──────── Records supplied

Lemma zspan_K k : k \in K -> k \in zspan.
Proof. by move=> kK; have := zspan_monomial kK (ltnW N_gt1); rewrite mulr1. Qed.

(* zspan is a finite division ring containing a and z, so a and z commute by Wedderburn. *)
Lemma eigenvector_false : False.
Proof.
have zT : z \in zspan by have := zspan_monomial (K_natr 1) N_gt1; rewrite mul1r expr1.
have Tdiv := torsion_divring_closed (zspan_K (K_natr 1)) zspanB zspanM.
have := fin_divring_comm Tdiv domD (zspan_K K_a) zT.
rewrite z_eigen => /eqP; rewrite -subr_eq0 -mulrBl => /eqP /domD [/eqP | /eqP].
  by rewrite subr_eq0 eq_sym (negbTE lam_neq_a).
by rewrite (negbTE z_neq0).
Qed.

End Eigenvector.

Lemma noncentral_false : False.
Proof.
have [lam [lam_neq [z z0 z_eigen]]] := exists_eigenvector.
apply: (eigenvector_false (valP lam) _ z0 z_eigen).
by apply: contra lam_neq => /eqP lam_a; apply/eqP/val_inj.
Qed.

End NonCentral.

Lemma torsion_domain_comm : @commutative D D *%R.
Proof. by move=> x y; apply/eqP/negPn/negP => /noncentral_false. Qed.
End TorsionDivisionRing.

Lemma infinite_type_uniq_seq (T : eqType) k :
  infinite_type T -> exists s : seq T, uniq s /\ size s = k.
Proof.
move=> infT; elim: k => [|k [s [us sk]]]; first by exists [::].
have [x xs] : exists x, x \notin s.
  apply: Classical_Prop.NNPP => all_in; apply: infT; exists s => x.
  by apply: Classical_Prop.NNPP => xs; apply: all_in; exists x; apply/negP.
by exists (x :: s); rewrite /= xs us sk.
Qed.
Variables (P : seq R) (s : R).

Lemma st_range_right z : s < z -> nonextreme P s z ->
  [/\ z + st_range P s z \in P, z < z + st_range P s z &
      forall q, q \in P -> z < q -> z + st_range P s z <= q].
Proof.
rewrite /nonextreme /st_range => sz; rewrite sz (lt_gtF sz) orbF.
rewrite has_filter => /(minseq_map_mem (fun q => q - z)) [q].
rewrite mem_filter => /andP [zq qP] qmin; rewrite qmin addrC subrK.
split=> // q' q'P zq'; rewrite -(lerD2r (- z)) -qmin minseq_le //.
by apply: map_f; rewrite mem_filter zq' q'P.
Qed.

Lemma st_range_left z : z < s -> nonextreme P s z ->
  [/\ z - st_range P s z \in P, z - st_range P s z < z &
      forall q, q \in P -> q < z -> q <= z - st_range P s z].
Proof.
rewrite /nonextreme /st_range => zs; rewrite zs (lt_gtF zs) /=.
rewrite has_filter => /(minseq_map_mem (fun q => z - q)) [q].
rewrite mem_filter => /andP [qz qP] qmin; rewrite qmin opprB addrC subrK.
split=> // q' q'P q'z; rewrite -lerN2 -(lerD2l z) -qmin minseq_le //.
by apply: map_f; rewrite mem_filter q'z q'P.
Qed.

Lemma st_range_gt0 z : z != s -> nonextreme P s z -> 0 < st_range P s z.
Proof.
case: (ltgtP z s) => // [zs|sz] _ ne.
- by have [_ + _] := st_range_left zs ne; rewrite gtrBl.
- by have [_ + _] := st_range_right sz ne; rewrite ltrDl.
Qed.

Lemma zero_range_st_range_ge0 rho z : zero_range P s rho z -> 0 <= st_range P s z.
Proof. by case/and4P => _ zs ne _; apply/ltW/st_range_gt0. Qed.

Definition next_point z :=
  if s < z then z + st_range P s z else z - st_range P s z.

Definition gap_lo z := if s < z then z else next_point z.
Definition gap_hi z := if s < z then next_point z else z.

Lemma gap_length z : gap_hi z - gap_lo z = st_range P s z.
Proof. by rewrite /gap_hi /gap_lo /next_point; case: (s < z) => /=; lra. Qed.

Lemma gap_disjoint z y : z \in P -> y \in P -> z != s -> y != s ->
  nonextreme P s z -> nonextreme P s y -> z != y ->
  gap_hi z <= gap_lo y \/ gap_hi y <= gap_lo z.
Proof.
rewrite /gap_hi /gap_lo /next_point => zP yP + + nez ney zy.
case: (ltgtP z s) => // hz _; case: (ltgtP y s) => // hy _.
- have [_ _ zmax] := st_range_left hz nez; have [_ _ ymax] := st_range_left hy ney.
  by case/lt_total/orP: zy => h; [left; apply: ymax | right; apply: zmax].
- by left; lra.
- by right; lra.
- have [_ _ zmin] := st_range_right hz nez; have [_ _ ymin] := st_range_right hy ney.
  by case/lt_total/orP: zy => h; [left; apply: zmin | right; apply: ymin].
Qed.

Lemma next_point_spec z : z != s -> nonextreme P s z ->
  next_point z \in P /\ ((s < z < next_point z) || (next_point z < z < s)).
Proof.
rewrite /next_point; case: (ltgtP z s) => // [zs|sz] _ ne.
- by have [? lt _] := st_range_left zs ne; rewrite lt.
- by have [? lt _] := st_range_right sz ne; rewrite lt.
Qed.

Lemma succ_edge_next_point a z : z \in P -> z != s -> nonextreme P s z ->
  succ_edge P s a (next_point z) -> a = z.
Proof.
rewrite /next_point => zP + ne [aP [_]]; case: (ltgtP z s) => // [zs|sz] _.
- have [_ zz' z'max] := st_range_left zs ne.
  case=> [[sa [az' _]] | [z'a [as' nb]]]; first lra.
  case: (ltgtP a z) => // h; last by case: (nb z zP).
  by have := z'max a aP h; lra.
- have [_ zz' z'min] := st_range_right sz ne.
  case=> [[sa [az' nb]] | [z'a [as' _]]]; last lra.
  case: (ltgtP a z) => // h; first by case: (nb z zP).
  by have := z'min a aP h; lra.
Qed.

────────────────

**What to produce**
There is a run of lines above from the one with "End NonCentral." to the one with "infinite_type T ->"; print exactly that run, both ends included, and nothing else.

**Completed task**
End NonCentral.

Lemma torsion_domain_comm : @commutative D D *%R.
Proof. by move=> x y; apply/eqP/negPn/negP => /noncentral_false. Qed.
End TorsionDivisionRing.

Lemma infinite_type_uniq_seq (T : eqType) k :
  infinite_type T -> exists s : seq T, uniq s /\ size s = k.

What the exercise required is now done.